Color and texture are highly tunable based on the grain source: stouts, like Guinness, offer rich black colors due to dark tannins, while lighter brews like lagers yield caramel tones. With this natural color occurrence replacing the need for the leather tanning process, fewer chemicals mean a smaller footprint and a more transparent path to sustainability.
Biomaterials meet the body
While Arda demonstrates what’s possible at the industrial scale, Colombian designer Neyla Coronel is showing how biomaterials can transform design at the most intimate level. As part of her postgraduate work at Fabricademy, Coronel developed a custom-fit bra using Balena.Filaflex — a compostable, bio-based 3D printing filament created by Balena in partnership with Recreus.

“Working with Balena.Filaflex was a breakthrough,” she says. “Its flexibility is essential for something worn so close to the body. But beyond that, it’s biobased, compostable, and recyclable. It made the piece not just wearable — but meaningful.”
The project flipped the fashion paradigm. Instead of women adapting to mass-market sizing, Coronel designed a system that adapts to women by leveraging parametric modeling, 3D scanning, and auxetic geometry to create bras that move, stretch, and evolve with the wearer. Her design allows for user interaction, letting future wearers co-create details like strap length and pattern density. Balena.Filaflex also embodies the brand’s larger ambition: fashion that’s not only compostable, but built to biodegrade without shedding microplastics — a rare trait in wearable tech.

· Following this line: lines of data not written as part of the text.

(* Let $n\ge2$ and let $Q$ be an $n$-pre-admissible quiver. Then there exists a flow path in $Q$ if and only if $Q\neq A_1$ and $Q\ne\tilde{A}_m$ for every $m\ge1$.
   Context: Quivers are finite and connected. $\delta(v)=(\delta^-(v),\delta^+(v))$ counts arrows ending/starting at $v$. $Q$ is $n$-pre-admissible if (i) every $\delta(v)\in\{(0,0),(0,1),(1,0),(1,1),(1,2),(2,1)\}$, with $(2,2)$ also allowed when $n=2$; (ii) at most one arrow from any vertex to any vertex; (iii) $\delta^+(v)+\delta^-(u)\le3$ for every arrow $v\to u$. A ($k$-)flow path ($k\ge2$) is a path $v_1\to v_2\to\cdots\to v_k$ in $Q$ such that $\delta(v_s)=(1,1)$ if and only if $1<s<k$. $A_1$ is the one-vertex quiver without arrows; $\tilde A_m$ is the oriented cycle $1\to\cdots\to m\to1$ (a loop if $m=1$). *)

From mathcomp Require Import all_boot.
Set Implicit Arguments. Unset Strict Implicit. Unset Printing Implicit Defensive.

Record quiver := Quiver {
  qV : finType;
  qA : finType;
  qs : qA -> qV;
  qt : qA -> qV }.

Section QuiverDefs.
Variable Q : quiver.

Definition din (v : qV Q) : nat := #|[set a : qA Q | qt a == v]|.
Definition dout (v : qV Q) : nat := #|[set a : qA Q | qs a == v]|.

Definition adj : rel (qV Q) := fun u v =>
  [exists a : qA Q, ((qs a == u) && (qt a == v)) || ((qs a == v) && (qt a == u))].

Definition connected_quiver : Prop :=
  0 < #|qV Q| /\ forall u v : qV Q, connect adj u v.

Definition allowed_degree (n : nat) (d : nat * nat) : bool :=
  (d \in [:: (0,0); (0,1); (1,0); (1,1); (1,2); (2,1)]) || ((n == 2) && (d == (2,2))).

Definition pre_admissible (n : nat) : Prop :=
  (forall v : qV Q, allowed_degree n (din v, dout v)) /\
  (forall u v : qV Q, #|[set a : qA Q | (qs a == u) && (qt a == v)]| <= 1) /\
  (forall a : qA Q, dout (qs a) + din (qt a) <= 3).

(* A path given by its first arrow a0 and the remaining arrows p;
   its vertex sequence is v_1 = s a0, then the targets of the arrows. *)
Definition path_vertices (a0 : qA Q) (p : seq (qA Q)) : seq (qV Q) :=
  qs a0 :: map (@qt Q) (a0 :: p).

Definition is_flow_path (a0 : qA Q) (p : seq (qA Q)) : Prop :=
  path (fun a b => qt a == qs b) a0 p /\
  let vs := path_vertices a0 p in
  forall i, i < size vs ->
    ((din (nth (qs a0) vs i) == 1) && (dout (nth (qs a0) vs i) == 1))
    = (0 < i < (size vs).-1).

(* a flow path exists (k >= 2 means at least one arrow) *)
Definition has_flow_path : Prop :=
  exists (a0 : qA Q) (p : seq (qA Q)), is_flow_path a0 p.

End QuiverDefs.

Definition quiver_iso (Q1 Q2 : quiver) : Prop :=
  exists (f : qV Q1 -> qV Q2) (g : qA Q1 -> qA Q2),
    bijective f /\ bijective g /\
    (forall a, qs (g a) = f (qs a)) /\ (forall a, qt (g a) = f (qt a)).

Definition A1 : quiver := @Quiver unit void (fun a => match a with end)
                                              (fun a => match a with end).

Lemma ord_pos m (i : 'I_m) : 0 < m.
Proof. by apply: leq_ltn_trans (ltn_ord i). Qed.

Definition cyc_succ m (i : 'I_m) : 'I_m :=
  Ordinal (ltn_pmod i.+1 (ord_pos i)).

(* tilde A_m: oriented cycle 1 -> ... -> m -> 1 (loop if m = 1), for m >= 1;
   arrow i goes from vertex i to vertex i+1 mod m *)
Definition Atilde (m : nat) : quiver :=
  @Quiver 'I_m 'I_m id (@cyc_succ m).

From Pilot Require Import Defs.
(* A flow path starts at a vertex whose degree is not (1,1) and has at least
   one arrow, so neither A_1 (no arrows) nor an oriented cycle (all degrees
   (1,1)) has one.  Conversely, suppose some vertex w of degree other than
   (1,1) has an outgoing arrow, and keep following outgoing arrows from w.
   While the walk stays on (1,1)-vertices, in-degree 1 makes each step
   reversible, so the walk could only close up by returning to w, which is not
   a (1,1)-vertex; hence it reaches a vertex of degree other than (1,1), and
   the first one ends a flow path.  Otherwise every vertex of degree other than
   (1,1) is a sink, and counting arrows by sources and by targets shows it is
   isolated.  By connectedness Q is then either a single vertex without arrows,
   i.e. A_1, or has only (1,1)-vertices, whose successor map is a cyclic
   permutation, i.e. Q is an oriented cycle. *)

From Pilot Require Import Defs.
From mathcomp Require Import all_boot.
From Stdlib Require Import Classical.

Set Implicit Arguments.
Unset Strict Implicit.
Unset Printing Implicit Defensive.

Lemma iter_return (T : finType) (f : T -> T) (x : T) :
  (forall i j, iter i.+1 f x = iter j.+1 f x -> iter i f x = iter j f x) ->
  exists2 k, 0 < k & iter k f x = x.
Proof.
move=> iter_inj.
(* pigeonhole on the first #|T|.+1 iterates, then cancel the common prefix *)
have back i k : iter i f x = iter (i + k) f x -> iter k f x = x.
  elim: i => [|i IH]; first by rewrite add0n => <-.
  by rewrite addSn => /iter_inj.
have : ~~ injectiveb (fun i : 'I_#|T|.+1 => iter i f x).
  by apply/injectiveP => /leq_card; rewrite card_ord ltnn.
case/injectivePn=> i [j ne_ij eq_ij].
wlog lt_ij : i j ne_ij eq_ij / i < j.
  move=> wlog_ij; have [||eq_ij'] := ltngtP i j; first exact: wlog_ij.
    by apply: wlog_ij; rewrite 1?eq_sym.
  by move: ne_ij; rewrite (val_inj eq_ij') eqxx.
exists (j - i); first by rewrite subn_gt0.
by apply: (back i); rewrite subnKC 1?ltnW.
Qed.

Lemma sum_card_fibers (A B : finType) (h : A -> B) :
  \sum_(b : B) #|[set a | h a == b]| = #|A|.
Proof.
rewrite -sum1_card (partition_big h predT) //=.
by apply: eq_bigr => b _; rewrite -sum1_card; apply: eq_bigl => a; rewrite inE.
Qed.

Section QuiverIso.
Variables (Q1 Q2 : quiver) (f : qV Q1 -> qV Q2) (g : qA Q1 -> qA Q2).
Hypotheses (f_inj : injective f) (g_bij : bijective g).
Hypotheses (g_src : forall a, qs (g a) = f (qs a)) (g_tgt : forall a, qt (g a) = f (qt a)).

Lemma card_fiber_iso (h1 : qA Q1 -> qV Q1) (h2 : qA Q2 -> qV Q2) v :
  (forall a, h2 (g a) = f (h1 a)) ->
  #|[set a | h1 a == v]| = #|[set b | h2 b == f v]|.
Proof.
case: g_bij => g' gK g'K h_g.
rewrite -(card_imset _ (can_inj gK)); apply: eq_card => b.
rewrite inE; apply/imsetP/idP => [[a]|h2b].
  by rewrite inE => /eqP <- ->; rewrite h_g.
by exists (g' b); rewrite ?g'K // inE -(inj_eq f_inj) -h_g g'K.
Qed.

Lemma din_iso v : din (f v) = din v.
Proof. by rewrite /din (card_fiber_iso _ g_tgt). Qed.

Lemma dout_iso v : dout (f v) = dout v.
Proof. by rewrite /dout (card_fiber_iso _ g_src). Qed.

End QuiverIso.

Lemma cyc_succE m : @cyc_succ m =1 @ordS m.
Proof. by move=> i; apply: val_inj. Qed.

Lemma din_Atilde m (i : 'I_m) : @din (Atilde m) i = 1.
Proof.
have succ_inj : injective (@cyc_succ m) by move=> j k; rewrite !cyc_succE => /ordS_inj.
rewrite /din -[RHS](cards1 i) -(card_preimset _ succ_inj).
by apply: eq_card => j; rewrite !inE.
Qed.

Lemma dout_Atilde m (i : 'I_m) : @dout (Atilde m) i = 1.
Proof. by rewrite /dout /=; apply: (eq_card1 (x:=i)) => j; rewrite inE. Qed.

Section Quiver.
Variable Q : quiver.
Implicit Types (v w : qV Q) (a b d : qA Q).

Definition deg11 v := (din v == 1) && (dout v == 1).

Lemma in_arrow_eq v a b : din v = 1 -> qt a = v -> qt b = v -> a = b.
Proof.
move=> din1 av bv; apply: (card_le1_eqP (A := [set a | qt a == v])).
- by rewrite -/(din v) din1.
- by rewrite inE bv.
- by rewrite inE av.
Qed.

(* [d] is only a default, returned when [v] has no outgoing arrow. *)
Definition out_arrow d v := odflt d [pick a | qs a == v].

Lemma out_arrow_src d v : 0 < dout v -> qs (out_arrow d v) = v.
Proof.
rewrite /out_arrow; case: pickP => [a /eqP //|none].
by case/card_gt0P=> a; rewrite inE none.
Qed.

Definition next_vertex d v := qt (out_arrow d v).

Lemma out_arrow_eq d v a : dout v = 1 -> qs a = v -> a = out_arrow d v.
Proof.
move=> dout1 av; apply: (card_le1_eqP (A := [set a | qs a == v])).
- by rewrite -/(dout v) dout1.
- by rewrite inE out_arrow_src ?dout1.
- by rewrite inE av.
Qed.

Lemma flow_path_of_walk (y : nat -> qV Q) (e : nat -> qA Q) k :
  0 < k -> (forall l, l < k -> qs (e l) = y l /\ qt (e l) = y l.+1) ->
  (forall l, l <= k -> deg11 (y l) = (0 < l < k)) -> has_flow_path Q.
Proof.
case: k => // k _ ends y11.
exists (e 0), [seq e l | l <- iota 1 k]; split.
  rewrite path_map; apply/(pathP 0) => i; rewrite size_iota => lt_ik.
  rewrite -[0 :: _]/(iota 0 k.+1) !nth_iota ?add0n //=; last exact: ltnW.
  by rewrite (proj2 (ends i _)) ?(proj1 (ends i.+1 _)) // ltnW.
have -> : path_vertices (e 0) [seq e l | l <- iota 1 k] = [seq y l | l <- iota 0 k.+2].
  rewrite /path_vertices -[e 0 :: _]/(map e (iota 0 k.+1)) -map_comp.
  rewrite -[RHS]/(y 0 :: map y (iota 1 k.+1)) (iotaDl 1 0) -map_comp.
  rewrite (proj1 (ends 0 _)) //; congr (_ :: _); apply/eq_in_map => l.
  rewrite mem_iota add0n => lt_lk /=.
  by rewrite add1n (proj2 (ends l lt_lk)).
move=> vs i; rewrite {}/vs size_map size_iota => lt_i.
by rewrite (nth_map 0) ?size_iota // nth_iota // -/(deg11 _) y11.
Qed.

Section Walk.
Variables (d : qA Q) (w : qV Q).
Hypotheses (w_not11 : ~~ deg11 w) (w_out : 0 < dout w).

Let y k := iter k (next_vertex d) w.

Lemma walk_leaves_deg11 : exists k, (0 < k) && ~~ deg11 (y k).
Proof.
apply: NNPP => none.
have all11 k : 0 < k -> deg11 (y k).
  by move=> k_gt0; apply/negPn/negP => not11; apply: none; exists k; rewrite k_gt0.
have out_pos k : 0 < dout (y k).
  by case: k => [|k] //; case/andP: (all11 k.+1 isT) => _ /eqP->.
have [k k_gt0 yk] : exists2 k, 0 < k & y k = w.
  apply: iter_return => i j eq_ij.
  have /andP [/eqP din1 _] := all11 i.+1 isT.
  change (y i = y j).
  rewrite -(out_arrow_src d (out_pos i)) -(out_arrow_src d (out_pos j)).
  by rewrite (in_arrow_eq din1 (erefl (y i.+1)) (esym eq_ij)).
by move: w_not11; rewrite -yk all11.
Qed.

Lemma flow_path_from : has_flow_path Q.
Proof.
have [k /andP [k_gt0 yk_not11] min_k] := ex_minnP walk_leaves_deg11.
have mid l : 0 < l < k -> deg11 (y l).
  case/andP=> l_gt0 lt_lk; apply/negPn/negP => not11.
  by have := min_k l; rewrite l_gt0 not11 leqNgt lt_lk => /(_ isT).
apply: (@flow_path_of_walk y (fun l => out_arrow d (y l)) k k_gt0).
  move=> l lt_lk; split=> //; apply: out_arrow_src.
  case: l lt_lk => [//|l] lt_lk.
  by case/andP: (mid l.+1 lt_lk) => _ /eqP->.
move=> l le_lk; case: (posnP l) => [->|l_gt0]; first exact: negbTE.
have [lt_lk|ge_lk] := ltnP l k; first by rewrite mid ?l_gt0.
have -> : l = k by apply/eqP; rewrite eqn_leq le_lk ge_lk.
exact: negbTE.
Qed.

End Walk.

Lemma sum_din_dout : \sum_(v : qV Q) din v = \sum_(v : qV Q) dout v.
Proof. by rewrite /din /dout !sum_card_fibers. Qed.

Lemma din_eq0_of_dout_eq0 :
  (forall v, ~~ deg11 v -> dout v = 0) -> forall v, ~~ deg11 v -> din v = 0.
Proof.
move=> dout0 v v_not11.
have : \sum_(u | ~~ deg11 u) din u = 0.
  have := sum_din_dout; rewrite (bigID deg11) [RHS](bigID deg11) /=.
  rewrite [X in _ = _ + X]big1 => [|u /dout0 //].
  by rewrite [X in X + _ = _](eq_bigr (@dout Q)) => [/addnI|u /andP [/eqP-> /eqP->]].
by move/eqP; rewrite sum_nat_eq0 => /forall_inP/(_ v v_not11)/eqP.
Qed.

Lemma iso_A1_of_isolated w :
  connected_quiver Q -> din w = 0 -> dout w = 0 -> quiver_iso Q A1.
Proof.
move=> [_ conn] din0 dout0.
have no_tgt a : qt a != w.
  by apply/eqP => aw; move: din0; rewrite /din (cardD1 a) inE aw eqxx.
have no_src a : qs a != w.
  by apply/eqP => aw; move: dout0; rewrite /dout (cardD1 a) inE aw eqxx.
have all_w v : v = w.
  have /connectP [[|u p] /=] := conn w v; first by move=> _ ->.
  by case/andP=> /existsP [a]; rewrite (negbTE (no_src a)) (negbTE (no_tgt a)) andbF.
have no_arrow a : False by move: (no_src a); rewrite (all_w (qs a)) eqxx.
exists (fun _ => tt), (fun a => match no_arrow a with end).
split; first by exists (fun _ => w) => [v|[]] //; rewrite (all_w v).
split; first by exists (fun x : void => match x with end) => [a|[]]; case: (no_arrow a).
by split=> a; case: (no_arrow a).
Qed.

Section AllDeg11.
Variable d : qA Q.
Hypothesis all11 : forall v, deg11 v.

Lemma dout_all11 v : dout v = 1.
Proof. by case/andP: (all11 v) => _ /eqP. Qed.

Lemma out_arrow_src11 v : qs (out_arrow d v) = v.
Proof. by rewrite out_arrow_src ?dout_all11. Qed.

Lemma out_arrowK a : out_arrow d (qs a) = a.
Proof. by apply/esym/out_arrow_eq; rewrite ?dout_all11. Qed.

Lemma next_vertex_inj : injective (next_vertex d).
Proof.
move=> u v eq_uv; rewrite -(out_arrow_src11 u) -(out_arrow_src11 v).
case/andP: (all11 (next_vertex d u)) => /eqP din1 _.
by rewrite (in_arrow_eq din1 (erefl _) (esym eq_uv)).
Qed.

Lemma fconnect_next_vertex u v : connect (@adj Q) u v -> fconnect (next_vertex d) u v.
Proof.
have step a : fconnect (next_vertex d) (qs a) (qt a).
  by apply/connect1/eqP; rewrite /next_vertex out_arrowK.
apply: connect_sub => x z /existsP [a /orP [] /andP [/eqP <- /eqP <-] //].
by rewrite fconnect_sym //; apply: next_vertex_inj.
Qed.

Lemma iso_Atilde_order v0 :
  (forall v, fconnect (next_vertex d) v0 v) ->
  quiver_iso Q (Atilde (order (next_vertex d) v0)).
Proof.
set succ := next_vertex d; set m := order succ v0 => conn.
pose f v : 'I_m := Ordinal (findex_max (conn v)).
pose f' (i : 'I_m) := iter i succ v0.
have fK : cancel f f' by move=> v; rewrite /f' /= iter_findex.
have f'K : cancel f' f by move=> i; apply: val_inj; rewrite /= findex_iter.
have f_succ v : f (succ v) = cyc_succ (f v).
  apply: val_inj => /=; have lt_km := findex_max (conn v).
  rewrite -{1}(iter_findex (conn v)) -iterS; move: lt_km; set k := findex _ _ _.
  case: (ltngtP k.+1 m) => [lt_k1m _|//|k1m _].
    by rewrite findex_iter // modn_small.
  by rewrite k1m iter_order ?findex0 ?modnn //; apply: next_vertex_inj.
exists f, (fun a => f (qs a)); do !split => //.
- exact: Bijective fK f'K.
- exists (fun i => out_arrow d (f' i)) => [a|i]; first by rewrite fK out_arrowK.
  by rewrite out_arrow_src11.
- by move=> a /=; rewrite -f_succ /succ /next_vertex out_arrowK.
Qed.

End AllDeg11.

Lemma iso_Atilde_of_deg11 :
  connected_quiver Q -> (forall v, deg11 v) -> exists2 m, 0 < m & quiver_iso Q (Atilde m).
Proof.
move=> [V_gt0 conn] all11; have [v0 _] := card_gt0P V_gt0.
have [d _] : exists d, d \in [set a | qs a == v0].
  by apply/card_gt0P; rewrite -/(dout v0) dout_all11.
exists (order (next_vertex d) v0) => //.
by apply: iso_Atilde_order => // v; apply: fconnect_next_vertex.
Qed.

End Quiver.

Theorem lemma2p13 (n : nat) (Q : quiver) :
  2 <= n -> connected_quiver Q -> pre_admissible Q n ->
  (has_flow_path Q <->
   (~ quiver_iso Q A1 /\ forall m : nat, 1 <= m -> ~ quiver_iso Q (Atilde m))).
Proof.
move=> _ conn _; split.
  case=> a0 [p [_ ends11]]; split; first by case=> f [g _]; case: (g a0).
  move=> m _ [f [g [[f' fK f'K] [g_bij [g_src g_tgt]]]]].
  have f_inj := can_inj fK.
  move: (ends11 0 isT); rewrite /= -(din_iso f_inj g_bij g_tgt) -(dout_iso f_inj g_bij g_src).
  by rewrite din_Atilde dout_Atilde.
case=> not_A1 not_Atilde.
have [/existsP [w /andP [w_not11 w_out]] | no_source] :=
  boolP [exists w : qV Q, ~~ deg11 w && (0 < dout w)].
  by have [d _] := card_gt0P w_out; exact: (flow_path_from d w_not11 w_out).
have dout0 (v : qV Q) : ~~ deg11 v -> dout v = 0.
  move=> v_not11; apply/eqP; rewrite -leqn0 leqNgt.
  by move/existsPn: no_source => /(_ v); rewrite v_not11.
have [all11 | /forallPn [w w_not11]] := boolP [forall v : qV Q, deg11 v].
  have [m m_gt0 iso] := iso_Atilde_of_deg11 conn (forallP all11).
  by case: (not_Atilde m m_gt0).
case: not_A1; apply: (iso_A1_of_isolated conn _ (dout0 w w_not11)).
exact: din_eq0_of_dout_eq0 dout0 w w_not11.
Qed.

Waste as ornament, luxury as local craft
While some biomaterials push technological boundaries, others reimagine craft using local, often overlooked resources. In Beirut, accessories label Sarah’s Bag has partnered with coffee giant Nespresso to produce a regional first: limited-edition clutches made from aluminum coffee capsules — collected, cleaned, and flattened by the Lebanese nonprofit Arc en Ciel, then embroidered into 3D floral motifs by women artisans.
“This collaboration with Nespresso is a perfect reflection of our values: creativity, sustainability, and care,” Sarah’s Bags founder Sarah Beydoun said in a statement. “It was our way of giving waste a second life — transforming used coffee capsules into something beautiful and meaningful.”
Each bag takes over fifteen hours to complete. It’s not just a statement of reuse but of labor value — employing women at risk through a social enterprise model that’s core to the brand’s DNA. Paired with straw bodies and brass hardware, the clutches evoke both the source material’s origin and its reinvention.

Unlike mass-market upcycling, Sarah’s Bag relies on hyper-local systems that emphasize transparency, equity, and artisanry. It’s a quieter form of biomaterial innovation—rooted less in scalability than in deep social and ecological connection.
Circular inputs, scalable futures
The Material Innovation Initiative estimates the next-gen materials market will reach $2.2 billion by 2026. But those numbers only tell part of the story; momentum lies in the interplay between labs and looms, startups and social enterprises, engineered proteins and traditional embroidery.
This is not about replacing one material with another. It’s about replacing an entire logic: waste as failure versus waste as possibility. From intimate wear that moves with your body to handbags that carry the past lives of your morning espresso, biomaterials are not just changing what fashion is made of—they’re changing who fashion is made for.
According to the Material Innovation Initiative, next-gen materials that mimic animal-based fabrics without the environmental toll attracted more than $500 million in investment between 2022 and 2023 alone. A report by the same group forecasts the alternative materials market to surpass $2 billion by 2026. And it’s not just about replacing animal-based materials; it’s about inventing entirely new categories from industrial and agricultural waste, all while embedding circularity, local production, and social impact into the DNA of design.